Dataset entries:
Lemma FEfun_on_triint l f i j b : FEfun G l f -> (i < gM1 G)%N -> (j < gM2 G)%N ->
  exists g0 g1 g2, [/\ polyfun g0, polyfun g1, polyfun g2 &
    forall x, triint G i j b x -> [/\ f x = g0 x,
      is_derive x.1 (1 : R) (fun t => f (t, x.2)) (g1 x) &
      is_derive x.2 (1 : R) (fun t => f (x.1, t)) (g2 x)]].
Proof.
move=> [fP _] iM jM; have [P fE] := fP i j b iM jM.
have pP := polyfun_poly2 l P.
have [g1 pg1 d1] := polyfun_derive_fst pP; have [g2 pg2 d2] := polyfun_derive_snd pP.
exists (poly2 l P), g1, g2; split => // x xT; split.
- exact/fE/triint_sub_tri.
- apply: near_eq_is_derive (d1 x).
  by apply: filterS (triint_near_fst gok xT) => t tT; rewrite fE //; exact: triint_sub_tri.
- apply: near_eq_is_derive (d2 x).
  by apply: filterS (triint_near_snd gok xT) => t tT; rewrite fE //; exact: triint_sub_tri.
Qed.

Lemma FEfun_is_derive l f x : FEfun G l f -> Omega_int G x ->
  is_derive x.1 (1 : R) (fun t => f (t, x.2)) (dx f x) /\
  is_derive x.2 (1 : R) (fun t => f (x.1, t)) (dy f x).
Proof.
move=> hf [i [j [b [iM [jM xT]]]]].
have [g0 [g1 [g2 [_ _ _ /(_ x xT) [_ d1 d2]]]]] := FEfun_on_triint b hf iM jM.
by rewrite /dx /dy !derive1E !derive_val.
Qed.

Lemma piecewise_poly_FEfun l f : FEfun G l f ->
  [/\ piecewise_poly G f, piecewise_poly G (dx f) & piecewise_poly G (dy f)].
Proof.
move=> hf; split => i j b iM jM;
  have [g0 [g1 [g2 [p0 p1 p2 gE]]]] := FEfun_on_triint b hf iM jM.
- by exists g0 => // x /gE[].
- by exists g1 => // x /gE[_ d1 _]; rewrite /dx derive1E derive_val.
- by exists g2 => // x /gE[_ _ d2]; rewrite /dy derive1E derive_val.
Qed.

Lemma Omega_coord_bound x : Omega G x ->
  `|x.1| <= `|ga1 G| + `|gb1 G| + `|ga2 G| + `|gb2 G| /\
  `|x.2| <= `|ga1 G| + `|gb1 G| + `|ga2 G| + `|gb2 G|.
Proof.
move=> [/norm_le_itv x1 /norm_le_itv x2].
have := normr_ge0 (ga1 G); have := normr_ge0 (gb1 G).
have := normr_ge0 (ga2 G); have := normr_ge0 (gb2 G).
by split; lra.
Qed.
Lemma and_scm_PV a b : scm_PV and_scm (assign2 a b) =
  (bernoulli_prob (1/2 : R) [set t | ord_of_bool t = a] *
   bernoulli_prob (1/2 : R) [set t | ord_of_bool ((a == ord_max) && t) = b])%E.
Proof. by rewrite scm_PV_assign2 //; exact: fair_coins_rect. Qed.

Lemma compatible_query_half (M : @SCM R 2 binary) :
  scm_has_diagram M G -> (forall v, scm_PV M v = scm_PV and_scm v) ->
  scm_query M [set nodeX]%SET (assign2 ord_max ord_max) [set: 'I_2]%SET
    (assign2 ord0 ord0) (assign2 ord_max ord_max) = 1/2.
Proof.
move=> [paM depM] PVM.
have indepXY : indep_rv (scm_P M) (scm_U M nodeX) (scm_U M nodeY).
  apply: contrapT => dep.
  have [_ /= indep_and] : gbi G nodeX nodeY by apply/depM.
  exact/indep_and/fair_coins_indep.
apply: chain_query_half => //; rewrite ?paM ?and_diagram_pa // PVM and_scm_PV
  bernoulli_half_ord_of_bool.
- have -> : [set t | ord_of_bool ((ord0 == ord_max :> 'I_2) && t) = ord0] = [set: bool].
    by apply/seteqP; split => -[].
  by rewrite probability_setT mule1.
- have -> : [set t | ord_of_bool ((ord0 == ord_max :> 'I_2) && t) = ord_max] = set0.
    by apply/seteqP; split => -[].
  by rewrite measure0 mule0.
- by rewrite -EFinM; congr (_%:E); lra.
Qed.
End and_model.

Theorem proposition2 (R : realType) :
  exists (n : nat) (k : 'I_n -> nat) (Mstar : @ASCM R n k)
         (X W : {set 'I_n}) (x' w w' : assignment k) (V : 'I_n),
    X \subset W /\ V \in W /\ V \notin X /\ w V <> w' V /\
    exists l : R,
      is_opt_lower_bound (restrict_V (ascm_diagram Mstar))
        (scm_PV (ascm_V Mstar)) X x' W w w' l /\
      0 < l /\ l < 1.
Proof.
exists 2%N, binary, (and_ascm R), [set nodeX]%SET, [set: 'I_2]%SET,
  (assign2 ord_max ord_max), (assign2 ord0 ord0), (assign2 ord_max ord_max), nodeY.
do 4 (split; first by rewrite ?subsetT ?inE).
exists (1/2); split; last by split; lra.
split=> [M MG MPV | l lowM]; first by rewrite compatible_query_half.
have := lowM _ (and_scm_has_diagram R) (fun=> erefl).
by rewrite (compatible_query_half _ _ (and_scm_has_diagram R)).
Qed.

# YOUR TASK:
Word for word, restate the lines above from the line containing "exact/indep_and/fair_coins_indep." through the line containing "by rewrite probability_setT mule1.", with both included and nothing else.

# SOLUTION TO THE EXERCISE:
  exact/indep_and/fair_coins_indep.
apply: chain_query_half => //; rewrite ?paM ?and_diagram_pa // PVM and_scm_PV
  bernoulli_half_ord_of_bool.
- have -> : [set t | ord_of_bool ((ord0 == ord_max :> 'I_2) && t) = ord0] = [set: bool].
    by apply/seteqP; split => -[].
  by rewrite probability_setT mule1.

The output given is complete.